El comienzo del párrafo es un pastiche de Borges, el poeta electivo de este humorista que aprovecha cualquier ocasión para citar un poema de Sor Juana Inés de la Cruz o la copla subida de tono de un huapango veracruzano.5 En el repertorio de sus recursos estilísticos, además de aludir a lugares cultos y a versos de la canción popular, destaca la constante alusión a refranes y dichos familiares, con los que Dehesa vuelve a poner en circulación una moneda descontinuada: el habla de las generaciones que se han ido. "No puede ser que año con año, como diría mi abuela, me den mi copita de bilis" (2001: 102). "Ya lo decía mi tía la Bigos: primero el retozo y luego el mocoso" (2001: 206). O el consejo de su "ancianísimo tío José": "mi'jito, ponte en manos de Dios y pídele que no aplauda" (2003: 139). Cada familia posee su idiolecto —maneras de expresarse más o menos exclusivas, más o menos compartidas por su estrato social— y es frecuente que estos decires de nuestros tíos o nuestros abuelos contengan para nosotros una dosis de gracia y una pátina de afecto. En la literatura contemporánea de México, Dehesa es el escritor dicharachero por excelencia, el que suelta refranes y proverbios populares a diestra y siniestra como se avientan buscapiés en las quermeses. También en cada familia, o en cada círculo de amistades, parece haber un bromista que se encarga de adjudicar sobrenombres con ingenio y malicia; cuando, en los años noventa, se esparció como pólvora la historia del político que tuvo sus deslices, Dehesa se refería a los protagonistas como "Bill Clíntoris" y "Monica Lengüinsky" (2003: 117). Los apodos, los dichos familiares y la comedia de los contratiempos son algunas de las formas que toma el humor en la obra de Dehesa.

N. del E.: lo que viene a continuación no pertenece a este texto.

(* [z] is orthogonal to every finite combination [s] of the basis, so
   [nrm z ^ 2 = <<z, z - s>> <= nrm z * nrm (z - s)], which can be made arbitrarily small. *)
Lemma orthonormal_basis_orth_eq0 v z : orthonormal_basis H v ->
  (forall i, << v i, z >> = C0) -> z = O.
Proof.
  intros [_ Hdense] Hz. apply hnorm_eq0.
  assert (Hsq : nrm z ^ 2 <= 0).
  { apply (le0_of_le_mult_eps _ (nrm z)); [apply hnorm_ge0|]. intros e He.
    destruct (Hdense z e He) as [N [c Hc]].
    set (s := hsum H N (fun n => c n *h v n)) in *.
    assert (Hzs : << z, s >> = C0).
    { unfold s. rewrite hinner_hsum. clear Hc. induction N as [|N IH]; simpl; [reflexivity|].
      rewrite IH, hinner_scal_r, hinner_conj, Hz. Cring. }
    assert (E : << z, z >> = << z, z -h s >>) by (rewrite hinner_sub_r, Hzs; Cring).
    rewrite hnorm_sq. unfold hnorm2. rewrite E.
    eapply Rle_trans; [apply Rle_abs|]. eapply Rle_trans; [apply Cmod_Re|].
    eapply Rle_trans; [apply cauchy_schwarz|]. apply Rmult_le_compat_l; [apply hnorm_ge0 | lra]. }
  pose proof (hnorm_ge0 z). nra.
Qed.

Definition weakly_null (h : nat -> X) (eta : X) : Prop :=
  Un_cv (fun n => Cmod << eta, h n >>) 0.

Lemma weakly_null_closed_subspace (h : nat -> X) :
  (exists M, forall n, nrm (h n) <= M) -> closed_subspace (weakly_null h).
Proof.
  intros [M HM]. unfold weakly_null. repeat split.
  - apply (Un_cv0_squeeze _ (fun _ => 0)); [|apply Un_cv_const].
    intros n. rewrite hinner_0_l, Cmod_C0. lra.
  - intros x y Hx Hy. eapply Un_cv0_squeeze; [|exact (Un_cv0_plus _ _ Hx Hy)].
    intros n. rewrite hinner_add_l. split; [apply Cmod_ge0 | apply Cmod_add].
  - intros a x Hx. eapply Un_cv0_squeeze; [|exact (Un_cv0_scal _ (Cmod a) Hx)].
    intros n. rewrite hinner_scal_l, Cmod_mul, Cmod_conj. split; [apply Rmult_le_pos; apply Cmod_ge0 | apply Rle_refl].
  - intros s x Hs Hc. apply Un_cv0_le; [intros; apply Cmod_ge0|]. intros e He.
    destruct (Un_cv0_lt _ (Un_cv0_scal _ M Hc) (e / 2)) as [K HK]; [lra|].
    specialize (HK K (le_n _)). simpl in HK.
    destruct (Un_cv0_lt _ (Hs K) (e / 2)) as [N HN]; [lra|].
    exists N. intros n Hn. specialize (HN n Hn).
    pose proof (hinner_sub_l_le (h n) x (s K)) as Hdiff. rewrite hnorm_sub_sym in Hdiff.
    pose proof (Cmod_sub_le << x, h n >> << s K, h n >>).
    pose proof (Rmult_le_compat_l _ _ _ (hnorm_ge0 (s K -h x)) (HM n)). lra.
Qed.

Lemma compact_coordinatewise_cv0 (T : X -> X) v y (x : nat -> X) :
  compact_operator H T -> orthonormal_basis H v -> (exists M, forall n, nrm (x n) <= M) ->
  (forall i, Un_cv (fun n => Cmod << v i, y -h T (x n) >>) 0) ->
  Un_cv (fun n => nrm (y -h T (x n))) 0.
Proof.
  intros [_ Hcpt] Hv [M HM] Hcoord. apply NNPP. intros Hnot.
  destruct (not_Un_cv0_subseq _ Hnot) as [d [sg [Hd Hsg]]].
  destruct (Hcpt (fun k => x (sg k))) as [phi [Hphi [l Hl]]]; [exists M; intros; apply HM|].
  set (m := fun k => sg (phi k)).
  assert (Hm : forall k, (k <= m k)%nat).
  { intros k. pose proof (increasing_ge_id phi Hphi k). destruct (Hsg (phi k)). unfold m. lia. }
  assert (Hyl : y = l).
  { apply hsub_eq0, (orthonormal_basis_orth_eq0 v _ Hv). intros i.
    apply Cmod_eq0, Rle_antisym; [|apply Cmod_ge0].
    apply (le0_of_le_Un_cv0 _ (fun k => Cmod << v i, y -h T (x (m k)) >> + nrm (T (x (m k)) -h l))).
    - intros k. pose proof (hinner_sub_r_le (v i) (y -h T (x (m k))) (y -h l)) as Hdiff.
      rewrite hsub_hsub_same_l, orthonormal_basis_hnorm, Rmult_1_l in Hdiff by exact Hv.
      pose proof (Cmod_sub_le << v i, y -h l >> << v i, y -h T (x (m k)) >>).
      rewrite Cmod_sub_sym, hnorm_sub_sym in Hdiff. lra.
    - apply Un_cv0_plus; [exact (Un_cv_subseq _ _ m (Hcoord i) Hm) | exact Hl]. }
  destruct (Un_cv0_lt _ Hl d Hd) as [N HN]. specialize (HN N (le_n _)). simpl in HN.
  rewrite hnorm_sub_sym, <- Hyl in HN. destruct (Hsg (phi N)) as [_ HdN].
  rewrite Rabs_right in HdN by (apply Rle_ge, hnorm_ge0). unfold m in HN. lra.
Qed.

Hasta aquí, además de rastrear la genealogía de su escritura en la crónica costumbrista y analizar las cualidades distintivas de su estilo, me he ido acercando poco a poco a un elemento novedoso de la dinámica familiar que encuentra forma literaria en la obra de Dehesa. Afirma Monsiváis que los escritores del siglo XIX, en sus cuadros de costumbres, pretendían comunicar cierta determinación —un contorno comprensible, legible— a una cultura nacional que percibían fracturada y dispersa: "A la vaguedad y la imperfección hay que oponerle una coherencia, una forma" (Monsiváis, 1980: 24). Análogamente, en su prolongado quehacer periodístico, Dehesa, sin voluntad de formular constantes sociológicas, da forma legible a una nueva realidad familiar. Al compilar estos dos volúmenes, Dehesa ha visto con claridad que constituyen un mapa sentimental de un territorio nuevo en la cultura mexicana, un cierto tipo de paternidad que a mediados del siglo XX no entraba en el radar de las relaciones familiares.

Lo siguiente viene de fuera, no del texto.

(* Let $G$ be a grid-labelled graph of type $(3,3)$ with exactly $5$ edges, all diagonal. Then $G$ satisfies the degree criterion if and only if either $G$ is locally isomorphic to the skew-mesh $B_5$, or $E(G)$ is the disjoint union of the edge set of a graph locally isomorphic to a rotation of the criss-cross $B_2$ and the edge set of a graph locally isomorphic to a rotation of the tally $B_3$.
   Context: A grid-labelled graph of type $(a,b)$ is a simple graph whose vertex set is the grid $[a]\times[b]$. An edge $\{(i,j),(k,l)\}$ is diagonal if $i\neq k$ and $j\neq l$. The partial transpose $\Gamma(G)$ is the grid-labelled graph with edge set $\{\{(k,j),(i,l)\}:\{(i,j),(k,l)\}\in E(G)\}$; $G$ satisfies the degree criterion if every vertex has the same degree in $G$ and in $\Gamma(G)$. Two grid-labelled graphs $G,H$ of type $(a,b)$ are locally isomorphic if there are permutations $\pi$ of $[a]$ and $\sigma$ of $[b]$ with $\{(i,j),(k,l)\}\in E(G)\iff\{(\pi(i),\sigma(j)),(\pi(k),\sigma(l))\}\in E(H)$. A rotation of a type $(3,3)$ graph is its image under a power of the map $(i,j)\mapsto(j,4-i)$ on vertices. Building blocks (type $(3,3)$): criss-cross $B_2$ with edges $\{(1,1),(2,2)\},\{(1,2),(2,1)\}$; tally $B_3$ with edges $\{(1,1),(2,2)\},\{(1,2),(2,3)\},\{(2,1),(1,3)\}$; skew-mesh $B_5$ with edges $\{(1,1),(3,3)\},\{(1,2),(2,1)\},\{(1,3),(2,2)\},\{(2,2),(3,1)\},\{(2,3),(3,2)\}$. *)

(* Grid [3]x[3] is encoded 0-indexed as 'I_3 * 'I_3. *)
From mathcomp Require Import all_boot all_fingroup.
Set Implicit Arguments. Unset Strict Implicit. Unset Printing Implicit Defensive.

Definition V := ('I_3 * 'I_3)%type.

(* A grid-labelled graph of type (3,3) is given by its edge set:
   a set of 2-element subsets of V. *)
Definition graph := {set {set V}}.

Definition is_simple (E : graph) : Prop :=
  forall e, e \in E -> exists u v : V, u != v /\ e = [set u; v].

Definition all_diagonal (E : graph) : Prop :=
  forall u v : V, [set u; v] \in E -> u.1 != v.1 /\ u.2 != v.2.

Definition ptrans (E : graph) : graph :=
  [set e' : {set V} | [exists u : V, exists v : V,
     ([set u; v] \in E) && (e' == [set (v.1, u.2); (u.1, v.2)])]].

Definition deg (E : graph) (x : V) : nat := #|[set e in E | x \in e]|.

Definition degree_criterion (E : graph) : Prop :=
  forall x : V, deg E x = deg (ptrans E) x.

Definition locally_iso (G H : graph) : Prop :=
  exists (pi sigma : {perm 'I_3}), forall u v : V,
    ([set u; v] \in G) = ([set (pi u.1, sigma u.2); (pi v.1, sigma v.2)] \in H).

(* rotation (i,j) |-> (j, 4-i) in 1-indexed coordinates = (j, 2-i) 0-indexed *)
Definition rotv (x : V) : V := (x.2, rev_ord x.1).
Definition rotg (E : graph) : graph := [set rotv @: e | e : {set V} in E].

Definition pt (i j : nat) : V := (inord i, inord j).

Definition B2 : graph :=
  [set [set pt 0 0; pt 1 1]; [set pt 0 1; pt 1 0]].
Definition B3 : graph :=
  [set [set pt 0 0; pt 1 1]; [set pt 0 1; pt 1 2]; [set pt 1 0; pt 0 2]].
Definition B5 : graph :=
  [set [set pt 0 0; pt 2 2]; [set pt 0 1; pt 1 0]; [set pt 0 2; pt 1 1];
       [set pt 1 1; pt 2 0]; [set pt 1 2; pt 2 1]].

From mathcomp Require Import all_boot all_fingroup.
Set Implicit Arguments. Unset Strict Implicit. Unset Printing Implicit Defensive.

(* The degree criterion asks that each vertex x have as many neighbours y as
   there are y with {(y.1, x.2), (x.1, y.2)} an edge.  Both counts are carried
   along by row and column permutations and by the rotation, and they add up
   over edge-disjoint unions; since B2, B3 and B5 satisfy the criterion, so
   does every graph of the two announced shapes.  Conversely, a graph with five
   diagonal edges is one of the C(18,5) five-element sets of diagonal edges of
   the 3x3 grid, and an exhaustive computation shows that each of them meeting
   the criterion is locally isomorphic to B5 or splits into a rotated
   criss-cross and a rotated tally. *)

Lemma set2_eq (T : finType) (u v a b : T) :
  ([set u; v] == [set a; b]) = ((u, v) == (a, b)) || ((v, u) == (a, b)).
Proof.
apply/idP/idP => [/eqP uv_ab | /orP[] /eqP[-> ->] //]; last by rewrite setUC.
have au : a \in [set u; v] by rewrite uv_ab set21.
have bu : b \in [set u; v] by rewrite uv_ab set22.
have ua : u \in [set a; b] by rewrite -uv_ab set21.
have va : v \in [set a; b] by rewrite -uv_ab set22.
move: au bu ua va; rewrite !inE !xpair_eqE.
by do 2!case/orP=> /eqP->; rewrite ?eqxx ?orbT ?andbT ?orbb //= => _ ->.
Qed.

Lemma card_pred_bij (T : finType) (g : T -> T) (P : pred T) :
  bijective g -> #|[pred y | P (g y)]| = #|P|.
Proof.
case=> h gK hK; rewrite -(card_image (can_inj hK) P); apply: eq_card => x.
by rewrite -{2}(gK x) (mem_image (can_inj hK)).
Qed.

Fixpoint ksubseqs (T : Type) (k : nat) (s : seq T) : seq (seq T) :=
  match k, s with
  | 0, _ => [:: [::]]
  | _.+1, [::] => [::]
  | k'.+1, x :: s' => map (cons x) (ksubseqs k' s') ++ ksubseqs k s'
  end.

Lemma mem_ksubseqs (T : eqType) (k : nat) (s t : seq T) :
  (t \in ksubseqs k s) = subseq t s && (size t == k).
Proof.
elim: s k t => [|x s IHs] [|k] [|y t] //=; rewrite ?inE ?andbF //.
  by rewrite mem_cat IHs andbF orbF; apply/mapP => -[].
have mem_cons L : (y :: t \in map (cons x) L) = (y == x) && (t \in L).
  by apply/mapP/andP => [[t' t'L [-> ->]] | [/eqP-> tL]]; [split | exists t].
rewrite mem_cat mem_cons !IHs eqSS; case: eqP => [-> | _] /=; last by [].
case: (size t == k); rewrite ?andbF ?andbT //.
by apply/orP/idP => [[// | /cons_subseq] | ->]; [| left].
Qed.

(** * Balanced adjacency relations *)

Definition adj (E : graph) : rel V := fun u v => [set u; v] \in E.

Lemma adjC (E : graph) : symmetric (adj E).
Proof. by move=> u v; rewrite /adj setUC. Qed.

Definition ptrans_rel (r : rel V) : rel V := fun u v => r (v.1, u.2) (u.1, v.2).

Definition balanced (r : rel V) : Prop :=
  forall x, #|[pred y | r x y]| = #|[pred y | ptrans_rel r x y]|.

Lemma adj_ptrans (E : graph) : adj (ptrans E) =2 ptrans_rel (adj E).
Proof.
move=> u v; rewrite /adj /ptrans_rel inE; apply/existsP/idP => [[a /existsP[b]] | uv].
- case/andP=> ab /eqP/eqP; rewrite set2_eq !xpair_eqE.
  by case/orP=> /andP[/eqP-> /eqP->] /=; rewrite -!surjective_pairing // setUC.
- exists (v.1, u.2); apply/existsP; exists (u.1, v.2).
  by rewrite [_ \in E]uv /= -!surjective_pairing.
Qed.

Lemma ptrans_simple (E : graph) : is_simple E -> is_simple (ptrans E).
Proof.
move=> simpleE e; rewrite inE => /existsP[u /existsP[v /andP[uvE /eqP->]]].
have [a [b [ab ab_uv]]] := simpleE _ uvE.
exists (v.1, u.2), (u.1, v.2); split=> //; apply: contraNneq ab => /pair_equal_spec[vu uv].
have u_v : u = v by rewrite [u]surjective_pairing [v]surjective_pairing vu uv.
by have := cards2 a b; rewrite -ab_uv u_v setUid cards1; case: eqP.
Qed.

Lemma deg_adj (E : graph) (x : V) : is_simple E -> deg E x = #|[pred y | adj E x y]|.
Proof.
move=> simpleE.
have inj : injective (fun y => [set x; y]).
  move=> y z /eqP; rewrite set2_eq !xpair_eqE eqxx /=.
  by case/orP=> [/eqP // | /andP[/eqP-> /eqP]].
rewrite /deg -(card_imset [pred y | adj E x y] inj); apply: eq_card => e.
rewrite inE; apply/andP/imsetP => [[eE] | [y xy ->]]; last first.
  by rewrite set21.
have [a [b [_ e_ab]]] := simpleE _ eE.
rewrite e_ab in eE *; case/set2P=> ->; first by exists b.
by exists a; rewrite ?inE /adj setUC.
Qed.

Lemma degree_criterionE (E : graph) :
  is_simple E -> degree_criterion E <-> balanced (adj E).
Proof.
move=> simpleE.
have card_pt x : #|[pred y | adj (ptrans E) x y]| = #|[pred y | ptrans_rel (adj E) x y]|.
  by apply: eq_card => y; rewrite !inE adj_ptrans.
by split=> crit x; have := crit x; rewrite !deg_adj ?card_pt //; apply: ptrans_simple.
Qed.

Lemma eq_balanced (r r' : rel V) : r =2 r' -> balanced r <-> balanced r'.
Proof.
move=> rr'.
have eq_r x : #|[pred y | r x y]| = #|[pred y | r' x y]|.
  by apply: eq_card => y; rewrite !inE rr'.
have eq_pt x : #|[pred y | ptrans_rel r x y]| = #|[pred y | ptrans_rel r' x y]|.
  by apply: eq_card => y; rewrite !inE /ptrans_rel rr'.
by split=> bal x; have := bal x; rewrite eq_r eq_pt.
Qed.

Lemma balanced_transport (r r' : rel V) (g : V -> V) : bijective g ->
    (forall x y, r' (g x) (g y) = r x y) ->
    (forall x y, ptrans_rel r' (g x) (g y) = ptrans_rel r x y) ->
  balanced r' <-> balanced r.
Proof.
move=> g_bij r'g ptg.
have card_g (f f' : rel V) x : (forall y z, f' (g y) (g z) = f y z) ->
    #|[pred y | f' (g x) y]| = #|[pred y | f x y]|.
  move=> f'g; rewrite -(card_pred_bij [pred y | f' (g x) y] g_bij).
  by apply: eq_card => y; rewrite !inE /= f'g.
split=> bal x; first by rewrite -(card_g r r') // -(card_g _ _ _ ptg).
by have [h _ hK] := g_bij; rewrite -(hK x) (card_g r r') // (card_g _ _ _ ptg).
Qed.

Lemma balanced_locally_iso (G H : graph) :
  locally_iso G H -> balanced (adj H) -> balanced (adj G).
Proof.
case=> pi [sg iso_GH]; pose g (x : V) := (pi x.1, sg x.2).
have g_bij : bijective g.
  exists (fun x => ((pi^-1)%g x.1, (sg^-1)%g x.2)) => x;
  by rewrite /g /= ?permK ?permKV -surjective_pairing.
by apply: (balanced_transport g_bij _ _).1 => x y; rewrite /ptrans_rel /adj iso_GH.
Qed.

Lemma rotv_bij : bijective rotv.
Proof.
by exists (fun x => (rev_ord x.2, x.1)) => x; rewrite /rotv /= rev_ordK -surjective_pairing.
Qed.

Lemma adj_rotg (H : graph) (u v : V) : adj (rotg H) (rotv u) (rotv v) = adj H u v.
Proof.
rewrite /adj.
have -> : [set rotv u; rotv v] = rotv @: [set u; v] by rewrite imsetU1 imset_set1.
by rewrite /rotg (mem_imset _ _ (imset_inj (bij_inj rotv_bij))).
Qed.

Lemma balanced_rotg (H : graph) : balanced (adj H) -> balanced (adj (rotg H)).
Proof.
apply: (balanced_transport rotv_bij (adj_rotg H) _).2 => x y; rewrite /ptrans_rel.
have -> : ((rotv y).1, (rotv x).2) = rotv (x.1, y.2) by [].
have -> : ((rotv x).1, (rotv y).2) = rotv (y.1, x.2) by [].
by rewrite adj_rotg adjC.
Qed.

Lemma balanced_iter_rotg (H : graph) (k : nat) :
  balanced (adj H) -> balanced (adj (iter k rotg H)).
Proof. by move=> balH; elim: k => //= k; apply: balanced_rotg. Qed.

Lemma balanced_or (r1 r2 : rel V) : (forall u v, r1 u v -> ~~ r2 u v) ->
  balanced r1 -> balanced r2 -> balanced (fun u v => r1 u v || r2 u v).
Proof.
move=> r12 bal1 bal2 x.
have card_or (f1 f2 : rel V) : (forall u v, f1 u v -> ~~ f2 u v) ->
    #|[pred y | f1 x y || f2 x y]| = #|[pred y | f1 x y]| + #|[pred y | f2 x y]|.
  move=> f12; rewrite -cardUI [#|[predI _ & _]|]eq_card0 ?addn0 // => y.
  by rewrite !inE /=; apply/negbTE/nandP; case f1xy: (f1 x y); [right; apply: f12 | left].
rewrite card_or // bal1 bal2 -card_or // => u v; exact: r12.
Qed.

Lo que ahora van a leer es una crónica posmoderna y minuciosamente real de algo que, hace 40 años, hubiera sido impensable e imposible en México. Para que mi crónica de hoy pudiera posarse como helicóptero en la realidad, fue necesario que en el gran teatro mexicano compareciera un personaje inexistente hasta hace muy pocas décadas: el padre mexicano. Pensémoslo un poco y veremos que este ser no existía; existía el engendrador paroxístico, el llamado modelo Pedro Páramo cuyas tareas paternales duraban, en el mejor de los casos, diez minutos; cumplida su misión, el fugaz padre se ponía las botas, se ajustaba el cinturón con hebillota, María Félix le ponía las espuelas y el sujeto (bastante poco sujeto) se enriscaba el bigote y se perdía en el horizonte rumbo a la revolución, o rumbo a sus oficinas (Dehesa, 2001: 176).

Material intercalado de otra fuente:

(* Let $p$ be a random partition and let $\mathrm{Sh}^p$ be its $p$-Shapley value, $$\mathrm{Sh}^p_i(w)=\sum_{(T,\tau)\in\mathcal{E}(N\setminus\{i\})}\Big(p_N(\{T\cup\{i\}\}\cup\tau)\,w(T\cup\{i\},\tau)-\frac{t}{n-t}\sum_{B\in\tau\cup\{\emptyset\}}p_N(\{T\}\cup\tau_{+i\leadsto B})\,w(T,\tau_{+i\leadsto B})\Big)$$ for $N\subseteq\mathbf{U}$, $w\in\mathbb{W}(N)$, $i\in N$. Then $\mathrm{Sh}^p$ satisfies the null player property if and only if $p=p^\star$, i.e., if and only if $\mathrm{Sh}^p=\mathrm{MPW}$.
   Context: $\mathbf{U}$ is a finite set of players; cardinalities of $N,S,T,B$ are $n,s,t,b$. $\Pi(N)$ is the set of partitions of $N$ ($\Pi(\emptyset)=\{\emptyset\}$). A random partition is $p=(p_N)_{N\subseteq\mathbf{U}}$ with $p_N$ a probability distribution on $\Pi(N)$; $p^\star$ is the Ewens distribution $p^\star_N(\pi)=\frac{\prod_{B\in\pi}(b-1)!}{n!}$. $\pi_{+i\leadsto B}=(\pi\setminus\{B\})\cup\{B\cup\{i\}\}$ for $B\in\pi$, $\pi_{+i\leadsto\emptyset}=\pi\cup\{\{i\}\}$. Embedded coalitions $\mathcal{E}(N)=\{(S,\pi):S\subseteq N,\pi\in\Pi(N\setminus S)\}$; a TUX game on $N$ is $w:\mathcal{E}(N)\to\mathbb{R}$ with $w(\emptyset,\pi)=0$; $\mathbb{W}(N)$ their set. Player $i$ is a null player in $w\in\mathbb{W}(N)$ if $w(S\cup\{i\},\pi)=w(S,\pi_{+i\leadsto B})$ for all $(S,\pi)\in\mathcal{E}(N\setminus\{i\})$ and $B\in\pi\cup\{\emptyset\}$. A solution $\varphi$ (assigning $\varphi(w)\in\mathbb{R}^N$ to every $w\in\mathbb{W}(N)$, $N\subseteq\mathbf{U}$) satisfies the null player property if $\varphi_i(w)=0$ whenever $i$ is a null player in $w$. The Shapley value of a TU game $v$ is $\mathrm{Sh}_i(v)=\sum_{S\subseteq N\setminus\{i\}}\frac{s!(n-s-1)!}{n!}(v(S\cup\{i\})-v(S))$; the MPW solution is $\mathrm{MPW}(w)=\mathrm{Sh}(\bar v^\star_w)$ with $\bar v^\star_w(S)=\sum_{\pi\in\Pi(N\setminus S)}p^\star_{N\setminus S}(\pi)w(S,\pi)$. *)

From HB Require Import structures.
From mathcomp Require Import all_boot all_order all_algebra.
Set Implicit Arguments. Unset Strict Implicit. Unset Printing Implicit Defensive.
Import Order.TTheory GRing.Theory Num.Theory.
Local Open Scope ring_scope.

Section Defs.
Variables (R : realFieldType) (U : finType).

(* Pi(N): the set of partitions of N (mathcomp's [partition], blocks nonempty);
   Pi(set0) = [set set0]. *)
Definition Pi (N : {set U}) : {set {set {set U}}} :=
  [set P : {set {set U}} | partition P N].

Definition is_random_partition (p : {set U} -> {set {set U}} -> R) : Prop :=
  forall N : {set U},
    (forall P, P \in Pi N -> 0 <= p N P) /\ \sum_(P in Pi N) p N P = 1.

Definition ewens (N : {set U}) (P : {set {set U}}) : R :=
  (\prod_(B in P) ((#|B|.-1)`!)%:R) / ((#|N|)`!)%:R.

(* pi_{+i ~> B}; B = set0 means adding the singleton block {i}. *)
Definition plus_to (P : {set {set U}}) (i : U) (B : {set U}) : {set {set U}} :=
  if B == set0 then P :|: [set [set i]]
  else (P :\ B) :|: [set B :|: [set i]].

(* TUX games are functions on embedded coalitions (S, pi), S \subset N,
   pi \in Pi (N :\: S); only those values matter. A game on N must vanish on
   (set0, pi). *)
Definition is_game (N : {set U}) (w : {set U} -> {set {set U}} -> R) : Prop :=
  forall P, P \in Pi N -> w set0 P = 0.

Es significativo que Dehesa presente la imagen de la antigua paternidad bajo el símbolo del cacique rural y el macho prototípico del cine nacional: un padre arisco, de pocas palabras, mujeriego, propenso a la violencia y, sobre todo, ausente. La vena machista que se volvió elemento celebrado y reconocido de la identidad nacional en el imaginario público (O'Malley, 1986: 7), entró en declive a lo largo de las últimas décadas del siglo XX. Al tiempo que el paradigma de paternidad descrito por el cronista iba perdiendo fuerza y desvaneciéndose, dejaba en su lugar una incógnita: un individuo desconcertado ante lo que se espera de él como padre, un individuo que debe aprender sobre la marcha cómo funciona la relación padre–hijo. Dehesa aprovecha el desconcierto para convertirlo en piedra angular de su crónica familiar: ¿quién demonios son estos sujetos de corta estatura que se enferman por las noches, se ofenden si no asisto al festival escolar, se burlan de mi trabajo como escritor y exigen ayuda para resolver tareas por las tardes? La crónica de Dehesa hace pública esta interrogación eminentemente doméstica y emplea el humor como brújula para maniobrar en las nuevas coordenadas donde se desenvuelve un padre común y corriente de la clase media mexicana.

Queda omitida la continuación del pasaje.